■ **ABOUT THIS TASK**:
All lines of the data shown below should be output exactly as they stand.
=== Section Start ===
(* Let $d, s, t, \ell$ be integers with $s\ge 1$, $\ell \ge 0$, $d \geq t-1$ and $t \geq \max\{5, \ell+4\}$. Then for every $\theta_{t,\ell}\in\Theta_{t,\ell}$, \[ \mathrm{rb}(W_d, \theta_{t,\ell}) \ge \left\lfloor \frac{2t-7}{t-3}\, d \right\rfloor + 1, \] and furthermore, if ($s = 2$ and $t \geq 6$) or ($s \geq 3$ and $t \geq 7$), then \[ \mathrm{rb}(W_d(s), F_t) \ge \left\lfloor \frac{(s+1)t-(3s+4)}{t-3}\, d \right\rfloor + 1 . \]
   Context: A subgraph of an edge-colored graph is rainbow if no two of its edges have the same color. For graphs $G$ and $H$, the rainbow number $\mathrm{rb}(G,H)$ is the minimum integer $k$ such that every edge-coloring of $G$ that uses at least $k$ distinct colors contains a rainbow subgraph isomorphic to $H$. For $d \ge 3$ and $s \ge 1$, $W_d(s) = \overline{K_s} + C_d$: hub vertices $u_1,\dots,u_s$, pairwise non-adjacent, each adjacent to every vertex of a cycle $v_1v_2\cdots v_dv_1$; $W_d := W_d(1)$. The fan $F_t$ is obtained from a cycle $v_1v_2\cdots v_tv_1$ by adding all chords $v_1v_i$, $3 \le i \le t-1$. For $0 \le \ell \le t-3$, $\Theta_{t,\ell}$ is the class of graphs obtained from a cycle $v_1v_2\cdots v_tv_1$ by adding exactly $\ell$ chords, each from $\{v_1v_i : 3 \le i \le t-1\}$. *)

From mathcomp Require Import all_boot.
From mathcomp Require Import boolp.
Set Implicit Arguments. Unset Strict Implicit. Unset Printing Implicit Defensive.

(* A simple graph on a finite vertex type V is given by a symmetric,
   irreflexive adjacency relation g : rel V. *)

Definition edge_coloring (V : finType) (g : rel V) (c : V -> V -> nat) : Prop :=
  forall x y, g x y -> c x y = c y x.

Definition ncolors (V : finType) (g : rel V) (c : V -> V -> nat) : nat :=
  size (undup [seq c p.1 p.2 | p <- enum [pred p : V * V | g p.1 p.2]]).

Definition rainbow_copy (V W : finType) (g : rel V) (h : rel W)
    (c : V -> V -> nat) : Prop :=
  exists f : W -> V,
    [/\ injective f,
        (forall a b, h a b -> g (f a) (f b)) &
        (forall a b a' b', h a b -> h a' b' ->
           c (f a) (f b) = c (f a') (f b') ->
           (a = a' /\ b = b') \/ (a = b' /\ b = a'))].

Definition rb_forces (V W : finType) (g : rel V) (h : rel W) (k : nat) : Prop :=
  forall c, edge_coloring g c -> k <= ncolors g c -> rainbow_copy g h c.

Lemma ncolors_le (V : finType) (g : rel V) c : ncolors g c <= #|{: V * V}|.
Proof.
rewrite /ncolors; apply: leq_trans (size_undup _) _.
by rewrite size_map -cardE max_card.
Qed.

Lemma rb_ex (V W : finType) (g : rel V) (h : rel W) :
  exists k, `[< rb_forces g h k >].
Proof.
exists #|{: V * V}|.+1; apply/asboolP => c _ H.
by have := leq_trans H (ncolors_le g c); rewrite ltnn.
Qed.

Definition rb (V W : finType) (g : rel V) (h : rel W) : nat :=
  ex_minn (rb_ex g h).

(* W_d(s) = complement(K_s) + C_d on vertices 'I_s (hubs) + 'I_d (cycle). *)
Definition wheel_adj (s d : nat) : rel ('I_s + 'I_d) :=
  fun x y =>
    match x, y with
    | inl _, inr _ => true
    | inr _, inl _ => true
    | inr i, inr j => (i.+1 %% d == j) || (j.+1 %% d == i)
    | inl _, inl _ => false
    end.

(* Cycle v_1 ... v_t (vertex v_i is index i-1 in 'I_t) plus chords v_1 v_i
   for the indices in S. *)
Definition theta_adj (t : nat) (S : {set 'I_t}) : rel 'I_t :=
  fun i j => [|| (i.+1 %% t == j), (j.+1 %% t == i),
                 (i == 0 :> nat) && (j \in S) | (j == 0 :> nat) && (i \in S)].

(* Allowed chord endpoints: v_3, ..., v_{t-1}, i.e. indices 2 .. t-2. *)
Definition chord_set (t : nat) : {set 'I_t} := [set i : 'I_t | 2 <= i <= t - 2].

Definition in_Theta (t : nat) (l : nat) (S : {set 'I_t}) : Prop :=
  S \subset chord_set t /\ #|S| = l.

Definition fan_adj (t : nat) : rel 'I_t := theta_adj (chord_set t).
Arguments in_Theta t l S : clear implicits.
Arguments fan_adj t : clear implicits.
Arguments wheel_adj s d : clear implicits.
Arguments rb V W g h : clear implicits.

From mathcomp Require Import all_boot zify boolp.
Set Implicit Arguments. Unset Strict Implicit. Unset Printing Implicit Defensive.

(* Colour each spoke of W_d(s) with a colour of its own and the rim edge
   v_i v_(i+1) with colour i, except that an edge starting at a multiple of
   p = t - 3 repeats the colour of the edge before it.  This uses
   s d + d - ceil(d / p) colours, at least the claimed bound.  A copy of a
   theta graph in W_d has at most one vertex on the hub, and a copy of F_t in
   W_d(s) has its centre on a hub (otherwise the path of its t - 1 outer
   vertices would alternate between hubs and the two rim neighbours of the
   centre).  Either way t - 1 cyclically consecutive vertices of the t-cycle
   lie on the rim and run along p + 1 consecutive rim edges, two adjacent ones
   of which share a colour. *)

Lemma rb_gt (V W : finType) (g : rel V) (h : rel W) (c : V -> V -> nat) N :
  edge_coloring g c -> N <= ncolors g c -> ~ rainbow_copy g h c -> N < rb V W g h.
Proof.
move=> gc Nc no_rb; rewrite /rb; case: ex_minnP => m /asboolP rb_m _.
by rewrite ltnNge; apply/negP => mN; apply/no_rb/rb_m/(leq_trans mN).
Qed.

Lemma ndvdn_succ p n : 1 < p -> p %| n -> ~~ (p %| n.+1).
Proof. by move=> p1 pn; rewrite -addn1 dvdn_addr // dvdn1 neq_ltn p1 orbT. Qed.

Lemma succ_modE d a b : a < d -> b < d ->
  (a.+1 %% d == b) = (a.+1 == b) || (a.+1 == d) && (b == 0).
Proof.
move=> ad bd; have [->|ne] := eqVneq a.+1 d; first by rewrite modnn (gtn_eqF bd) eq_sym.
by rewrite modn_small ?(negbTE ne) ?orbF // ltn_neqAle ne.
Qed.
=== Section End ===
■ **ANSWER SPACE**:
(* Let $d, s, t, \ell$ be integers with $s\ge 1$, $\ell \ge 0$, $d \geq t-1$ and $t \geq \max\{5, \ell+4\}$. Then for every $\theta_{t,\ell}\in\Theta_{t,\ell}$, \[ \mathrm{rb}(W_d, \theta_{t,\ell}) \ge \left\lfloor \frac{2t-7}{t-3}\, d \right\rfloor + 1, \] and furthermore, if ($s = 2$ and $t \geq 6$) or ($s \geq 3$ and $t \geq 7$), then \[ \mathrm{rb}(W_d(s), F_t) \ge \left\lfloor \frac{(s+1)t-(3s+4)}{t-3}\, d \right\rfloor + 1 . \]
   Context: A subgraph of an edge-colored graph is rainbow if no two of its edges have the same color. For graphs $G$ and $H$, the rainbow number $\mathrm{rb}(G,H)$ is the minimum integer $k$ such that every edge-coloring of $G$ that uses at least $k$ distinct colors contains a rainbow subgraph isomorphic to $H$. For $d \ge 3$ and $s \ge 1$, $W_d(s) = \overline{K_s} + C_d$: hub vertices $u_1,\dots,u_s$, pairwise non-adjacent, each adjacent to every vertex of a cycle $v_1v_2\cdots v_dv_1$; $W_d := W_d(1)$. The fan $F_t$ is obtained from a cycle $v_1v_2\cdots v_tv_1$ by adding all chords $v_1v_i$, $3 \le i \le t-1$. For $0 \le \ell \le t-3$, $\Theta_{t,\ell}$ is the class of graphs obtained from a cycle $v_1v_2\cdots v_tv_1$ by adding exactly $\ell$ chords, each from $\{v_1v_i : 3 \le i \le t-1\}$. *)

From mathcomp Require Import all_boot.
From mathcomp Require Import boolp.
Set Implicit Arguments. Unset Strict Implicit. Unset Printing Implicit Defensive.

(* A simple graph on a finite vertex type V is given by a symmetric,
   irreflexive adjacency relation g : rel V. *)

Definition edge_coloring (V : finType) (g : rel V) (c : V -> V -> nat) : Prop :=
  forall x y, g x y -> c x y = c y x.

Definition ncolors (V : finType) (g : rel V) (c : V -> V -> nat) : nat :=
  size (undup [seq c p.1 p.2 | p <- enum [pred p : V * V | g p.1 p.2]]).

Definition rainbow_copy (V W : finType) (g : rel V) (h : rel W)
    (c : V -> V -> nat) : Prop :=
  exists f : W -> V,
    [/\ injective f,
        (forall a b, h a b -> g (f a) (f b)) &
        (forall a b a' b', h a b -> h a' b' ->
           c (f a) (f b) = c (f a') (f b') ->
           (a = a' /\ b = b') \/ (a = b' /\ b = a'))].

Definition rb_forces (V W : finType) (g : rel V) (h : rel W) (k : nat) : Prop :=
  forall c, edge_coloring g c -> k <= ncolors g c -> rainbow_copy g h c.

Lemma ncolors_le (V : finType) (g : rel V) c : ncolors g c <= #|{: V * V}|.
Proof.
rewrite /ncolors; apply: leq_trans (size_undup _) _.
by rewrite size_map -cardE max_card.
Qed.

Lemma rb_ex (V W : finType) (g : rel V) (h : rel W) :
  exists k, `[< rb_forces g h k >].
Proof.
exists #|{: V * V}|.+1; apply/asboolP => c _ H.
by have := leq_trans H (ncolors_le g c); rewrite ltnn.
Qed.

Definition rb (V W : finType) (g : rel V) (h : rel W) : nat :=
  ex_minn (rb_ex g h).

(* W_d(s) = complement(K_s) + C_d on vertices 'I_s (hubs) + 'I_d (cycle). *)
Definition wheel_adj (s d : nat) : rel ('I_s + 'I_d) :=
  fun x y =>
    match x, y with
    | inl _, inr _ => true
    | inr _, inl _ => true
    | inr i, inr j => (i.+1 %% d == j) || (j.+1 %% d == i)
    | inl _, inl _ => false
    end.

(* Cycle v_1 ... v_t (vertex v_i is index i-1 in 'I_t) plus chords v_1 v_i
   for the indices in S. *)
Definition theta_adj (t : nat) (S : {set 'I_t}) : rel 'I_t :=
  fun i j => [|| (i.+1 %% t == j), (j.+1 %% t == i),
                 (i == 0 :> nat) && (j \in S) | (j == 0 :> nat) && (i \in S)].

(* Allowed chord endpoints: v_3, ..., v_{t-1}, i.e. indices 2 .. t-2. *)
Definition chord_set (t : nat) : {set 'I_t} := [set i : 'I_t | 2 <= i <= t - 2].

Definition in_Theta (t : nat) (l : nat) (S : {set 'I_t}) : Prop :=
  S \subset chord_set t /\ #|S| = l.

Definition fan_adj (t : nat) : rel 'I_t := theta_adj (chord_set t).
Arguments in_Theta t l S : clear implicits.
Arguments fan_adj t : clear implicits.
Arguments wheel_adj s d : clear implicits.
Arguments rb V W g h : clear implicits.

From mathcomp Require Import all_boot zify boolp.
Set Implicit Arguments. Unset Strict Implicit. Unset Printing Implicit Defensive.

(* Colour each spoke of W_d(s) with a colour of its own and the rim edge
   v_i v_(i+1) with colour i, except that an edge starting at a multiple of
   p = t - 3 repeats the colour of the edge before it.  This uses
   s d + d - ceil(d / p) colours, at least the claimed bound.  A copy of a
   theta graph in W_d has at most one vertex on the hub, and a copy of F_t in
   W_d(s) has its centre on a hub (otherwise the path of its t - 1 outer
   vertices would alternate between hubs and the two rim neighbours of the
   centre).  Either way t - 1 cyclically consecutive vertices of the t-cycle
   lie on the rim and run along p + 1 consecutive rim edges, two adjacent ones
   of which share a colour. *)

Lemma rb_gt (V W : finType) (g : rel V) (h : rel W) (c : V -> V -> nat) N :
  edge_coloring g c -> N <= ncolors g c -> ~ rainbow_copy g h c -> N < rb V W g h.
Proof.
move=> gc Nc no_rb; rewrite /rb; case: ex_minnP => m /asboolP rb_m _.
by rewrite ltnNge; apply/negP => mN; apply/no_rb/rb_m/(leq_trans mN).
Qed.

Lemma ndvdn_succ p n : 1 < p -> p %| n -> ~~ (p %| n.+1).
Proof. by move=> p1 pn; rewrite -addn1 dvdn_addr // dvdn1 neq_ltn p1 orbT. Qed.

Lemma succ_modE d a b : a < d -> b < d ->
  (a.+1 %% d == b) = (a.+1 == b) || (a.+1 == d) && (b == 0).
Proof.
move=> ad bd; have [->|ne] := eqVneq a.+1 d; first by rewrite modnn (gtn_eqF bd) eq_sym.
by rewrite modn_small ?(negbTE ne) ?orbF // ltn_neqAle ne.
Qed.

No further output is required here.